#### [WORK REQUIRED]
Your task is to copy each line of the records that includes the string "qsqn".

Data excerpts:
[Start of Attachment]

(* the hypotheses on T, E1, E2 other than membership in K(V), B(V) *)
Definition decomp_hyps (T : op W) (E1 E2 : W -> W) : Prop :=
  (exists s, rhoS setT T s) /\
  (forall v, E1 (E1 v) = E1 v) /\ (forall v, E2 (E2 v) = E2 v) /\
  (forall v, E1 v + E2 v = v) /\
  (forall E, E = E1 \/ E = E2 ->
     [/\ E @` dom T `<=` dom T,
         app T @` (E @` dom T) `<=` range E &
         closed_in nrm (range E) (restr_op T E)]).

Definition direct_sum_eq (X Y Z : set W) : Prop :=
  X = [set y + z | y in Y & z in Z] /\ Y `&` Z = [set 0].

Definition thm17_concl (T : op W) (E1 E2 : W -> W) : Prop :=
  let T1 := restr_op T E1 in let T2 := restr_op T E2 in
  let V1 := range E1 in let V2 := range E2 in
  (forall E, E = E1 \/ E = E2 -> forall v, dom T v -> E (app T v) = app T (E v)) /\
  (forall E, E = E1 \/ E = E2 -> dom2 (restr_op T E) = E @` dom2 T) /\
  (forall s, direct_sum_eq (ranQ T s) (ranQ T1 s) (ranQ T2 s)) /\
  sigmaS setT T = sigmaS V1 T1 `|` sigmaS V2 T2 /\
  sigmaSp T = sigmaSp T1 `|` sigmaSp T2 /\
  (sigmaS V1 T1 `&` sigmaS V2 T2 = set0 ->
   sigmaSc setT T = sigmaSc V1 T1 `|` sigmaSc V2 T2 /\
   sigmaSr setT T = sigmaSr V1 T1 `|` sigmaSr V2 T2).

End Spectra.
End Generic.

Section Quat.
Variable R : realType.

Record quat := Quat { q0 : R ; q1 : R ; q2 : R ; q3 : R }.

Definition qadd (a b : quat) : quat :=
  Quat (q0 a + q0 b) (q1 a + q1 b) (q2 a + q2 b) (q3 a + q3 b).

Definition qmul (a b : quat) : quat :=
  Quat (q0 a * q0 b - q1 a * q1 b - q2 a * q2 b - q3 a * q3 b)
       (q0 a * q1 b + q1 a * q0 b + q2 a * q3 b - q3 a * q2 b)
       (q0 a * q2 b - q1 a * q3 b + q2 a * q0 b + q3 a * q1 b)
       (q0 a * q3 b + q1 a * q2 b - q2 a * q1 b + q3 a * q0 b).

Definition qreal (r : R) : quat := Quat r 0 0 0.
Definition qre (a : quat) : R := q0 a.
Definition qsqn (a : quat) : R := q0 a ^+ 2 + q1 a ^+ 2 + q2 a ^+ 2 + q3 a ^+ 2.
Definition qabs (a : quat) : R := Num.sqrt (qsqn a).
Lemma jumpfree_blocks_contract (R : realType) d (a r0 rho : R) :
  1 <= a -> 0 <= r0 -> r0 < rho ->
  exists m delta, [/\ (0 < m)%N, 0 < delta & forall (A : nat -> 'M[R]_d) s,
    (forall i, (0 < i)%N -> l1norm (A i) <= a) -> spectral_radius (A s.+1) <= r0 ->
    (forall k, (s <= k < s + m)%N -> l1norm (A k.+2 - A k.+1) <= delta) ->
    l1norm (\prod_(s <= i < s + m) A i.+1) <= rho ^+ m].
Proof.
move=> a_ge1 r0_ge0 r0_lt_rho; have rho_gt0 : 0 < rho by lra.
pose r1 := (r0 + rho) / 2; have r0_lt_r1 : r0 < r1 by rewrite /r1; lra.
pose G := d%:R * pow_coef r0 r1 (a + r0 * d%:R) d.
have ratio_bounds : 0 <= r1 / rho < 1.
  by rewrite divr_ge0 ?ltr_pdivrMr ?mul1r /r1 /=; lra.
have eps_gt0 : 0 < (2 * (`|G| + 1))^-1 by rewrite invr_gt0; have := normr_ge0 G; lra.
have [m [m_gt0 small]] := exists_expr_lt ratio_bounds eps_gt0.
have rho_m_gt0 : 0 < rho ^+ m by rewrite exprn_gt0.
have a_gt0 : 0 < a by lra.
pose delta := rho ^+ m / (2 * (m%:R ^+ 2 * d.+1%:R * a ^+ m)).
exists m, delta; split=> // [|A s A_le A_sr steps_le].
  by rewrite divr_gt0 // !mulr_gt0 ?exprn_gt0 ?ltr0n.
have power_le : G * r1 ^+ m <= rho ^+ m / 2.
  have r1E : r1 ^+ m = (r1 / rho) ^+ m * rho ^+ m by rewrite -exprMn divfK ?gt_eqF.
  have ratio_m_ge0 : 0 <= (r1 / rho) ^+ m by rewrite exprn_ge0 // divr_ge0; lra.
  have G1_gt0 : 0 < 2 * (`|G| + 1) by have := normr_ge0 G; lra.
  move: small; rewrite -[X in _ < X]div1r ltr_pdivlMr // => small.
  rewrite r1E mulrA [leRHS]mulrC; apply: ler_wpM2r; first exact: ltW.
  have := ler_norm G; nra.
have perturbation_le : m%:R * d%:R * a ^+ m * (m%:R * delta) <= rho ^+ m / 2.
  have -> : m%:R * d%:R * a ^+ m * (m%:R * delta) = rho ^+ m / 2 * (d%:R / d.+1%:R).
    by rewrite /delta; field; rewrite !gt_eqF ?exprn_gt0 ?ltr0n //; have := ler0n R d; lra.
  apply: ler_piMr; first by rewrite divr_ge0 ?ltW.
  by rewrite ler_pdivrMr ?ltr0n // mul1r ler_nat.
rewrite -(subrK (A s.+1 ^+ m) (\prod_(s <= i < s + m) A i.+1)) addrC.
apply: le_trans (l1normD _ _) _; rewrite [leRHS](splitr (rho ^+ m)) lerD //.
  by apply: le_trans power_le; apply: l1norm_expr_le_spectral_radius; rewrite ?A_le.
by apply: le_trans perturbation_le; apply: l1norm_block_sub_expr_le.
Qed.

[End of Attachment]

#### [WRITTEN ANSWER]
Definition qsqn (a : quat) : R := q0 a ^+ 2 + q1 a ^+ 2 + q2 a ^+ 2 + q3 a ^+ 2.
Definition qabs (a : quat) : R := Num.sqrt (qsqn a).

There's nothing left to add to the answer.